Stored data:
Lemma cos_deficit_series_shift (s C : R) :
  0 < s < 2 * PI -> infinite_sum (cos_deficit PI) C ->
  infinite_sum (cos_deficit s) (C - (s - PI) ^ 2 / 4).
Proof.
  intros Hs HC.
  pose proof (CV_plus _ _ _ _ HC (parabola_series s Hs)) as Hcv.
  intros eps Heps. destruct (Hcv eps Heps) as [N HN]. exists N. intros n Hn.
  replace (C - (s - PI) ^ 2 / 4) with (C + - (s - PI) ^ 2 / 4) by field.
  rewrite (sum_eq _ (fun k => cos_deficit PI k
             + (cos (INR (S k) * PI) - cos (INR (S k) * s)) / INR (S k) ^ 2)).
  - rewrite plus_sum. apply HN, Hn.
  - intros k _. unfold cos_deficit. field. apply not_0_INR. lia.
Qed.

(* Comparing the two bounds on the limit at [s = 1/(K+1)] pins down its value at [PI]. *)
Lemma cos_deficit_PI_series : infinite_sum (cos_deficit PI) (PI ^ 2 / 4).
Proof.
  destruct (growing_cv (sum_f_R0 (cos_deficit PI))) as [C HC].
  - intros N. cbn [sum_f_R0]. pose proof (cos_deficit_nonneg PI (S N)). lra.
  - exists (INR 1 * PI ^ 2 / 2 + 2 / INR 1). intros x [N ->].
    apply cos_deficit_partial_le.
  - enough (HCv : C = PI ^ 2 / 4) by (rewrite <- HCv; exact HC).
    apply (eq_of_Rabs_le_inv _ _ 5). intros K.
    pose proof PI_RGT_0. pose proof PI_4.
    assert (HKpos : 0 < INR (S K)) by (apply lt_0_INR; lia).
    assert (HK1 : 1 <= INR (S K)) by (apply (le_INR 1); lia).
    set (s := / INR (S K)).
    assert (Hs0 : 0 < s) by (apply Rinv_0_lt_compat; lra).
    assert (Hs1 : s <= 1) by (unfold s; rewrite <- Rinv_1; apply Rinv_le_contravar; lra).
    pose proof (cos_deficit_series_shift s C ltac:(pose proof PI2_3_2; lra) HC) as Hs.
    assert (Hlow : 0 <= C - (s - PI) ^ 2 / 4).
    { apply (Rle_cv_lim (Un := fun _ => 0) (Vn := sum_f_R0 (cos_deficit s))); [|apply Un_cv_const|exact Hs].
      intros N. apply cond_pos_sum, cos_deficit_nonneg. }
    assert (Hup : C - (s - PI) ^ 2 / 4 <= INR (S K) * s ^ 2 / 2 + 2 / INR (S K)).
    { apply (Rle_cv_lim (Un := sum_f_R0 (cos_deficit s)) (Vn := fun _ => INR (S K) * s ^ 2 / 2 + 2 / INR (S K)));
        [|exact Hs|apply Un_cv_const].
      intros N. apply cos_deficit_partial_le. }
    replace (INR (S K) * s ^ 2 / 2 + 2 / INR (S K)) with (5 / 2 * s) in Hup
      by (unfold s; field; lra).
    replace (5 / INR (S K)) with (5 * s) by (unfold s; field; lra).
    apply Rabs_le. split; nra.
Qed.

==

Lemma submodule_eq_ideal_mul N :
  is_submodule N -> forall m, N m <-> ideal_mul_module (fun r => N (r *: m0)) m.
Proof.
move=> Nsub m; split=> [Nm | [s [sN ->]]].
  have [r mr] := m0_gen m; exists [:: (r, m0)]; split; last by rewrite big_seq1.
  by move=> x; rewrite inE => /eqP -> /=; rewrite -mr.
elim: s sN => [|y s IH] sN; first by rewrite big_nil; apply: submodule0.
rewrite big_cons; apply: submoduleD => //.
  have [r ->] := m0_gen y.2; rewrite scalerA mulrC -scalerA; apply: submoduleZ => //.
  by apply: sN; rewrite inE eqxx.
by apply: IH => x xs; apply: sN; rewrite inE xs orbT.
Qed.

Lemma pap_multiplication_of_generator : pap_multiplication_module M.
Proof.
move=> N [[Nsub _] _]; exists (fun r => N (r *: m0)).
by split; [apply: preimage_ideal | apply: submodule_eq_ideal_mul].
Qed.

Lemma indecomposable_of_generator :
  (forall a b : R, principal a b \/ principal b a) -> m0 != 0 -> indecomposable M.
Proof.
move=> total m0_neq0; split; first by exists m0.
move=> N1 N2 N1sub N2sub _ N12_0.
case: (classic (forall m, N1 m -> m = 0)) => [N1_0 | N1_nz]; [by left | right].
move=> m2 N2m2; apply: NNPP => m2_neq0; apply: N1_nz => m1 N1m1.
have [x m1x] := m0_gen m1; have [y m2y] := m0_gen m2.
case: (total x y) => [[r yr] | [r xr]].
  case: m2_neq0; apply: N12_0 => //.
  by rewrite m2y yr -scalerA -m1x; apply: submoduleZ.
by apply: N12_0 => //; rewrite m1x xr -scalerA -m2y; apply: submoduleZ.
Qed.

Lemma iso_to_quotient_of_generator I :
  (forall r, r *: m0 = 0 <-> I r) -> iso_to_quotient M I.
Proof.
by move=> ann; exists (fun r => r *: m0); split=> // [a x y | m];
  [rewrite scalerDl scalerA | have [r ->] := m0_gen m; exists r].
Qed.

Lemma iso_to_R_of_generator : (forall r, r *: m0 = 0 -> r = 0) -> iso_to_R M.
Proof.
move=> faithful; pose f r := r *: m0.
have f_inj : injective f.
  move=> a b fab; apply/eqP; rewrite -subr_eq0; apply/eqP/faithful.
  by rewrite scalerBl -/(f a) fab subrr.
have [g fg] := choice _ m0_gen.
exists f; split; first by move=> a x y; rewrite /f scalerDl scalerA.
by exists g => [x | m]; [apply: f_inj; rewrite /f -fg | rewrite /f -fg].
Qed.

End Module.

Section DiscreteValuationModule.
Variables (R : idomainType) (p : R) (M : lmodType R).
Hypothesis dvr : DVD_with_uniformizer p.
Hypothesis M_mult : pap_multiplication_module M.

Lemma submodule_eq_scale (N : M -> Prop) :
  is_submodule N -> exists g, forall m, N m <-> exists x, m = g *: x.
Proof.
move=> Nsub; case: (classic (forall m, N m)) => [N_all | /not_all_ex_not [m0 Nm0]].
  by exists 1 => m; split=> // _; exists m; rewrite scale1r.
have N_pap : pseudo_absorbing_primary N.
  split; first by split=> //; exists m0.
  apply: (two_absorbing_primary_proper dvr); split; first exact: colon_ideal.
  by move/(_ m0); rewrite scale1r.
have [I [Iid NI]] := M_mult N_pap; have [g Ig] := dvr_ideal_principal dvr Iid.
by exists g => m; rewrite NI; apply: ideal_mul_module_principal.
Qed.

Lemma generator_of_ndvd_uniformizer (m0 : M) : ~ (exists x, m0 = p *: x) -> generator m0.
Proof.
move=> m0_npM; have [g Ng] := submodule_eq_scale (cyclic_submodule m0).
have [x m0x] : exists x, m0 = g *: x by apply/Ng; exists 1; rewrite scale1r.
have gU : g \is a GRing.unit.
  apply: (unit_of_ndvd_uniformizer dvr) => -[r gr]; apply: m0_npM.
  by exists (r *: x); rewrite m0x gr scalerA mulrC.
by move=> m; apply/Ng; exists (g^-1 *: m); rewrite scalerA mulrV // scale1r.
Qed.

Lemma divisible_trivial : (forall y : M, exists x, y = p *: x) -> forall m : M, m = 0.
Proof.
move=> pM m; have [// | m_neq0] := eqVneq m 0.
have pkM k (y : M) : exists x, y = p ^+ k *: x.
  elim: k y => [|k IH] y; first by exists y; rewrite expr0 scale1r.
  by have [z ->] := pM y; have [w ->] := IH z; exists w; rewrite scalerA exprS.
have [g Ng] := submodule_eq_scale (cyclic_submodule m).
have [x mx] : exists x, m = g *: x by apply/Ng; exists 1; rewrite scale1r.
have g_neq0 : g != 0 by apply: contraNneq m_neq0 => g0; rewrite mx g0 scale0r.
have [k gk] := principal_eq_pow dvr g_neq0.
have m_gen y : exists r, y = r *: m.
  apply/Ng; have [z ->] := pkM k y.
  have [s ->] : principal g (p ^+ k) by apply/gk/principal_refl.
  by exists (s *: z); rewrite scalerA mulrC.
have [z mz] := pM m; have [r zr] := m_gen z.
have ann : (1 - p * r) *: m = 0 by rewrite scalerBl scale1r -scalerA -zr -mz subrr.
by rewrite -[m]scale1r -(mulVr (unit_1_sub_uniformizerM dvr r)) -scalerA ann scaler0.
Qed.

- The task -
Set down precisely the lines above between the line holding "move=> faithful; pose f r := r *: m0." and the line holding "split; first by split=> //; exists m0.", inclusive, and nothing beyond them.

- Solution for this problem -
move=> faithful; pose f r := r *: m0.
have f_inj : injective f.
  move=> a b fab; apply/eqP; rewrite -subr_eq0; apply/eqP/faithful.
  by rewrite scalerBl -/(f a) fab subrr.
have [g fg] := choice _ m0_gen.
exists f; split; first by move=> a x y; rewrite /f scalerDl scalerA.
by exists g => [x | m]; [apply: f_inj; rewrite /f -fg | rewrite /f -fg].
Qed.

End Module.

Section DiscreteValuationModule.
Variables (R : idomainType) (p : R) (M : lmodType R).
Hypothesis dvr : DVD_with_uniformizer p.
Hypothesis M_mult : pap_multiplication_module M.

Lemma submodule_eq_scale (N : M -> Prop) :
  is_submodule N -> exists g, forall m, N m <-> exists x, m = g *: x.
Proof.
move=> Nsub; case: (classic (forall m, N m)) => [N_all | /not_all_ex_not [m0 Nm0]].
  by exists 1 => m; split=> // _; exists m; rewrite scale1r.
have N_pap : pseudo_absorbing_primary N.
  split; first by split=> //; exists m0.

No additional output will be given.